(* Let $\eta,\lambda\in\mathbb{C}$, let $k\ge1$, and let $\tau_1,\dots,\tau_k$ be positive integers. Then in $\mathcal{F}_{\eta,\lambda}$, $$L_{-\tau_1}L_{-\tau_2}\cdots L_{-\tau_k}|\eta\rangle=(\tau_k)(\tau_k+\tau_{k-1})\cdots(\tau_k+\tau_{k-1}+\cdots+\tau_2)\,\big[\eta+(\tau_k-1)\lambda\big]\,\alpha_{-(\tau_1+\cdots+\tau_k)}|\eta\rangle+R,$$ where $R$ is a linear combination of monomials $\alpha_{-\sigma_1}\cdots\alpha_{-\sigma_j}|\eta\rangle$ with $j\ge2$. (For $k=1$ the product of partial sums is empty and equals $1$.) Consequently, if $\Delta h$ is a negative integer and $U=\sum_{|\tau|=-\Delta h}A_\tau L_{-\tau_1}\cdots L_{-\tau_{\ell(\tau)}}$ with $\tau_1\ge\cdots\ge\tau_{\ell(\tau)}$, then the coefficient of $\alpha_{\Delta h}|\eta\rangle$ in the monomial basis expansion of $U|\eta\rangle$ is $$-\frac{1}{\Delta h}\sum_{|\tau|=-\Delta h}[\tau]!\,\big[\eta+(\tau_{\ell(\tau)}-1)\lambda\big]A_\tau.$$
   Context: The Heisenberg modes satisfy $[\alpha_m,\alpha_n]=m\delta_{m,-n}$. $\mathcal{F}_{\eta,\lambda}$ is the Fock space generated by $|\eta\rangle$, with $\alpha_n|\eta\rangle=0$ for $n>0$ and $\alpha_0|\eta\rangle=\eta|\eta\rangle$. It has basis the monomials $\alpha_{-\sigma_1}\cdots\alpha_{-\sigma_j}|\eta\rangle$ ($\sigma$ a partition) and carries the Virasoro action $$L_n=\tfrac12\sum_k:\alpha_k\alpha_{n-k}:-\lambda(n+1)\alpha_n,$$ where normal ordering places positive-index modes to the right. For a partition $\tau=(\tau_1\ge\cdots\ge\tau_\ell>0)$, define $[\tau]!=(\tau_1+\cdots+\tau_\ell)(\tau_2+\cdots+\tau_\ell)\cdots(\tau_\ell)$. *)

From HB Require Import structures.
From mathcomp Require Import all_boot all_order all_algebra.
Set Implicit Arguments. Unset Strict Implicit. Unset Printing Implicit Defensive.
Import Order.TTheory GRing.Theory Num.Theory.
Local Open Scope ring_scope.
(* Fix integers $n,d\ge 1$, constants $0<h_{min}<h_{max}$, an initial state $\mathcal{X}^{(0)}=[\mathbf{x}_1^{(0)},\ldots,\mathbf{x}_n^{(0)}]\in\mathbb{R}^{dn}$, an initial bandwidth $h_1\in[h_{min},h_{max}]$, and a non-negative sequence $(\nu_k)$ with $\nu_k\to 0$. Let $(\mathcal{X}^{(k)},h_k)$ be generated by the Doubly Stochastic Mean-Shift (DSMS) process described in the context. Then almost surely, for every $k\ge 1$, $$\mathbb{E}\left[L_{h_{k+1}}(\mathcal{X}^{(k+1)})\,\middle|\,\mathcal{X}^{(k)},\,h_k\right]\ \ge\ L_{h_k}(\mathcal{X}^{(k)}).$$ Consequently, the sequence $\left(L_{h_k}(\mathcal{X}^{(k)})\right)_k$ is a discrete-time non-negative submartingale adapted to the process $(\mathcal{X}^{(k)},h_k)$.
   Context: A profile function is a map $k:[0,\infty)\to\mathbb{R}_+$ that vanishes on $[1,\infty)$, is $C^1$, non-increasing and convex, with $k'(t)<0$ for all $t\in[0,1)$ (e.g. $k(t)=(1-t)_+^{\alpha}$, $\alpha=2,3,4$). The associated kernel on $\mathbb{R}^d$ is $K(\mathbf{u})=k(\|\mathbf{u}\|^2)$ and the weight function is $G(\mathbf{u})=-k'(\|\mathbf{u}\|^2)\ge 0$; $\|\cdot\|$ is the Euclidean norm. A state is $\mathcal{X}=[\mathbf{x}_1,\ldots,\mathbf{x}_n]\in\mathbb{R}^{dn}$ with $\mathbf{x}_i\in\mathbb{R}^d$. For $h>0$ define the cost $L_h(\mathcal{X})=\sum_{1\le i\le j\le n}K\big((\mathbf{x}_i-\mathbf{x}_j)/h\big)$ and the mean-shift operator $$\mathcal{S}_h(x;\mathcal{X})=\frac{\sum_{i=1}^n G\big((x-\mathbf{x}_i)/h\big)\,\mathbf{x}_i}{\sum_{i=1}^n G\big((x-\mathbf{x}_i)/h\big)},\quad x\in\mathbb{R}^d.$$ DSMS process: given $\mathcal{X}^{(0)}$, $h_1\in[h_{min},h_{max}]$ and $(\nu_k)$, for $k=0,1,2,\ldots$: if $k\ge1$, set $\delta_k=\min\{\nu_k,\ (h_k/h_{min})^2-1,\ 1-(h_k/h_{max})^2\}$, draw $\alpha_k$ uniformly on $(1-\delta_k,1+\delta_k)$ (with $\alpha_k=1$ if $\delta_k=0$), and set $h_{k+1}=h_k/\sqrt{\alpha_k}$ (so $h_{k+1}\in[h_{min},h_{max}]$); draw an index $i_k$ uniformly from $\{1,\ldots,n\}$; then set $\mathbf{x}_{i_k}^{(k+1)}=\mathcal{S}_{h_{k+1}}(\mathbf{x}_{i_k}^{(k)};\mathcal{X}^{(k)})$ and $\mathbf{x}_j^{(k+1)}=\mathbf{x}_j^{(k)}$ for $j\ne i_k$. The indices $i_k$ are i.i.d., independent of each other and of all previous choices, and the sequences $(i_k)$ and $(h_k)$ are independent. *)

From Stdlib Require Import Reals.
From Coquelicot Require Import Coquelicot.
Open Scope R_scope.

Fixpoint sumR (m : nat) (f : nat -> R) : R :=
  match m with
  | O => 0
  | S m' => sumR m' f + f m'
  end.

(* Points of R^d are functions nat -> R (coordinates 0..d-1);
   a state X : nat -> (nat -> R) lists particles x_0 .. x_{n-1}. *)
Definition vec := nat -> R.
Definition state := nat -> vec.

Definition sqnorm (d : nat) (u : vec) : R := sumR d (fun j => (u j) ^ 2).
Definition vdiff (x y : vec) : vec := fun j => x j - y j.
Definition vscale (c : R) (x : vec) : vec := fun j => c * x j.

Definition is_profile (k k' : R -> R) : Prop :=
  (forall t, 0 <= t -> 0 <= k t) /\
  (forall t, 1 <= t -> k t = 0) /\
  (forall t, 0 < t -> is_derive k t (k' t)) /\
  filterlim (fun s => (k s - k 0) / s) (at_right 0) (locally (k' 0)) /\
  (forall t, 0 < t -> continuous k' t) /\
  filterlim k' (at_right 0) (locally (k' 0)) /\
  (forall s t, 0 <= s -> s <= t -> k t <= k s) /\
  (forall s t l, 0 <= s -> 0 <= t -> 0 <= l <= 1 ->
      k (l * s + (1 - l) * t) <= l * k s + (1 - l) * k t) /\
  (forall t, 0 <= t < 1 -> k' t < 0).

Your assignment. Going down the listing above, begin printing at the line with "Definition vdiff (x" and finish with the line with "(forall t, 1 <= t -> k t = 0) /\", exactly as they appear.

Result.
Definition vdiff (x y : vec) : vec := fun j => x j - y j.
Definition vscale (c : R) (x : vec) : vec := fun j => c * x j.

Definition is_profile (k k' : R -> R) : Prop :=
  (forall t, 0 <= t -> 0 <= k t) /\
  (forall t, 1 <= t -> k t = 0) /\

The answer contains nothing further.